Collected data entries
********************

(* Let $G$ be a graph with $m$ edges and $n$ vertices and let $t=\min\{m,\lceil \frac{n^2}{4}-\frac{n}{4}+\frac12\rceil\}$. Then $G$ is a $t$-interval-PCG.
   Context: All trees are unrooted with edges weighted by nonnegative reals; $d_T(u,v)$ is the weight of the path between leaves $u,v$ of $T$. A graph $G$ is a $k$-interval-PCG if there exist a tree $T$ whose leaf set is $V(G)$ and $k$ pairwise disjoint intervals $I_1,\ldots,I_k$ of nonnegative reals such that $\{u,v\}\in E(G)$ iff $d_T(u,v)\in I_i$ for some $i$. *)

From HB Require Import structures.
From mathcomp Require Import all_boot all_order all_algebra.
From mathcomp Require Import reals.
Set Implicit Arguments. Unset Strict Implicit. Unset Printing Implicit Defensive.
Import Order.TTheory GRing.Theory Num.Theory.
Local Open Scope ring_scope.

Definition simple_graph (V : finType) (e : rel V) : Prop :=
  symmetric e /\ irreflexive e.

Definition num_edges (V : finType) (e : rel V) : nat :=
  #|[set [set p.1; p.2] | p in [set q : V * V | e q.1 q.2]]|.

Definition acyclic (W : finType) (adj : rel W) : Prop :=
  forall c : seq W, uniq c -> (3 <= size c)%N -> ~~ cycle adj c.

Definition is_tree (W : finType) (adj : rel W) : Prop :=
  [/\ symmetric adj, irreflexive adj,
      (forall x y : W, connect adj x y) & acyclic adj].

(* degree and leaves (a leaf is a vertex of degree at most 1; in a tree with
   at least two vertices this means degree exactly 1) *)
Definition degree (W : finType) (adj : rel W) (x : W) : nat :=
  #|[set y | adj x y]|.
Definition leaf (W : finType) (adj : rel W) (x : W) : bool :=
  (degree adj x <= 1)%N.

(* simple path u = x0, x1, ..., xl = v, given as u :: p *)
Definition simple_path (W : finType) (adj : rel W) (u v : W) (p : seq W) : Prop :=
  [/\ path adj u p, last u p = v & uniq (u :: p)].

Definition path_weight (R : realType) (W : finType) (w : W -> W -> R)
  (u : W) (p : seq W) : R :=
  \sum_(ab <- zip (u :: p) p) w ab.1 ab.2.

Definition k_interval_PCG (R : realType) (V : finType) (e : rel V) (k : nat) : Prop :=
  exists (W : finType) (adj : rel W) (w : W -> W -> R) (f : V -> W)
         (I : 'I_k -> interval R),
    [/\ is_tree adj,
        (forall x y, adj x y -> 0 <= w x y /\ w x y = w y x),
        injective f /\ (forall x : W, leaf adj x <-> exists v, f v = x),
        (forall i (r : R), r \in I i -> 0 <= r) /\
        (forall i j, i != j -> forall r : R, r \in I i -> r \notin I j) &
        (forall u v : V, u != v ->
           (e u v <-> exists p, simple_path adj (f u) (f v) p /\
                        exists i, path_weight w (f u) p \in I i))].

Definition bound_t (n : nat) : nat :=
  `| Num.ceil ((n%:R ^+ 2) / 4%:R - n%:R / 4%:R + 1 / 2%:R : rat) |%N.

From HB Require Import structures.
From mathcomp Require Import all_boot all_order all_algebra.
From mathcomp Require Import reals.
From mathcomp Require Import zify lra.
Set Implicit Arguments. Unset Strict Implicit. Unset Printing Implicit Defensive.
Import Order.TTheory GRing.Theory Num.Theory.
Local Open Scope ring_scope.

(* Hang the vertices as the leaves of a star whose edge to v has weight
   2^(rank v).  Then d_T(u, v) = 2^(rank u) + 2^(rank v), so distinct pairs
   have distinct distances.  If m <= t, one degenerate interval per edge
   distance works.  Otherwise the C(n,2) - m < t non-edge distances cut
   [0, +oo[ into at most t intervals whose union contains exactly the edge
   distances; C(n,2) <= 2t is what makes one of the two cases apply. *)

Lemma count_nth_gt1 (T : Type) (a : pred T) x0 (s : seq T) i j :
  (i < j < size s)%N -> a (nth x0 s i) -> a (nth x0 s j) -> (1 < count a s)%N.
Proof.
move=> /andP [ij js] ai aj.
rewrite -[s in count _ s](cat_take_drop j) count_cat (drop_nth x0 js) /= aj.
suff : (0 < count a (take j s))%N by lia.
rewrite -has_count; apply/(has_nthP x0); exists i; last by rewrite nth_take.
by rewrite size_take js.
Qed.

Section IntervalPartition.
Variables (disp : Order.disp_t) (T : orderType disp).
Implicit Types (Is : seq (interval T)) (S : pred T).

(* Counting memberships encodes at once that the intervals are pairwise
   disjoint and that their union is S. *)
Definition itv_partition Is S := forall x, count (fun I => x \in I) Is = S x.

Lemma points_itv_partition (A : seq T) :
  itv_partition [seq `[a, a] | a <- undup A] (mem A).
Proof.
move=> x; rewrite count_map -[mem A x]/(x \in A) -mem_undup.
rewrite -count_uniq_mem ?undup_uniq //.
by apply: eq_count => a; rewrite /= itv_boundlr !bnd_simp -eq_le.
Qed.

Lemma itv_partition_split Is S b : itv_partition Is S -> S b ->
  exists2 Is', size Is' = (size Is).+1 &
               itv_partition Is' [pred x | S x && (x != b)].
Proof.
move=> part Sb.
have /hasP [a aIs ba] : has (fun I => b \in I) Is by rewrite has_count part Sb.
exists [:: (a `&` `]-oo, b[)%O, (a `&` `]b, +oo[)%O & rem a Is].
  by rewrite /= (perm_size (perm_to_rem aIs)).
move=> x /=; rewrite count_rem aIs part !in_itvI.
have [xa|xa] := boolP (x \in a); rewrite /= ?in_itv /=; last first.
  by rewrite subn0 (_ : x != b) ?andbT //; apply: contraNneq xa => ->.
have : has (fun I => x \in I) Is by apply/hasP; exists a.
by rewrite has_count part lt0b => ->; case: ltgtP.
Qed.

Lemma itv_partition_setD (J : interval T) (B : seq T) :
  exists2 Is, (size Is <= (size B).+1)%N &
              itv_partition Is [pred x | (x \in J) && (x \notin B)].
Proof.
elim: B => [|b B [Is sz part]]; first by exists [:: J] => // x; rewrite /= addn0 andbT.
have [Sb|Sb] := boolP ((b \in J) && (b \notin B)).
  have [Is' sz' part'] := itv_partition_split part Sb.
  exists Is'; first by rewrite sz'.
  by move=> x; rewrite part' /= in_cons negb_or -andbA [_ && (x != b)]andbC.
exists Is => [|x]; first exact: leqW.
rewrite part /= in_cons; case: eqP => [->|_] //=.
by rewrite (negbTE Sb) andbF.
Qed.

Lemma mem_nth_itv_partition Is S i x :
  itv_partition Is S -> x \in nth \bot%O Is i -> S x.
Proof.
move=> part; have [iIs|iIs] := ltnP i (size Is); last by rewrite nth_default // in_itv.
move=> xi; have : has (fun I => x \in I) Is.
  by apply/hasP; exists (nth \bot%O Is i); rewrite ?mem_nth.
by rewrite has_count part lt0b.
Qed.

********************

> Brief:
In the data above, start at the line that has "(* Hang the", stop after the line that has "Section IntervalPartition.", and print every line in between exactly as it stands.

> Result of this exercise:
(* Hang the vertices as the leaves of a star whose edge to v has weight
   2^(rank v).  Then d_T(u, v) = 2^(rank u) + 2^(rank v), so distinct pairs
   have distinct distances.  If m <= t, one degenerate interval per edge
   distance works.  Otherwise the C(n,2) - m < t non-edge distances cut
   [0, +oo[ into at most t intervals whose union contains exactly the edge
   distances; C(n,2) <= 2t is what makes one of the two cases apply. *)

Lemma count_nth_gt1 (T : Type) (a : pred T) x0 (s : seq T) i j :
  (i < j < size s)%N -> a (nth x0 s i) -> a (nth x0 s j) -> (1 < count a s)%N.
Proof.
move=> /andP [ij js] ai aj.
rewrite -[s in count _ s](cat_take_drop j) count_cat (drop_nth x0 js) /= aj.
suff : (0 < count a (take j s))%N by lia.
rewrite -has_count; apply/(has_nthP x0); exists i; last by rewrite nth_take.
by rewrite size_take js.
Qed.

Section IntervalPartition.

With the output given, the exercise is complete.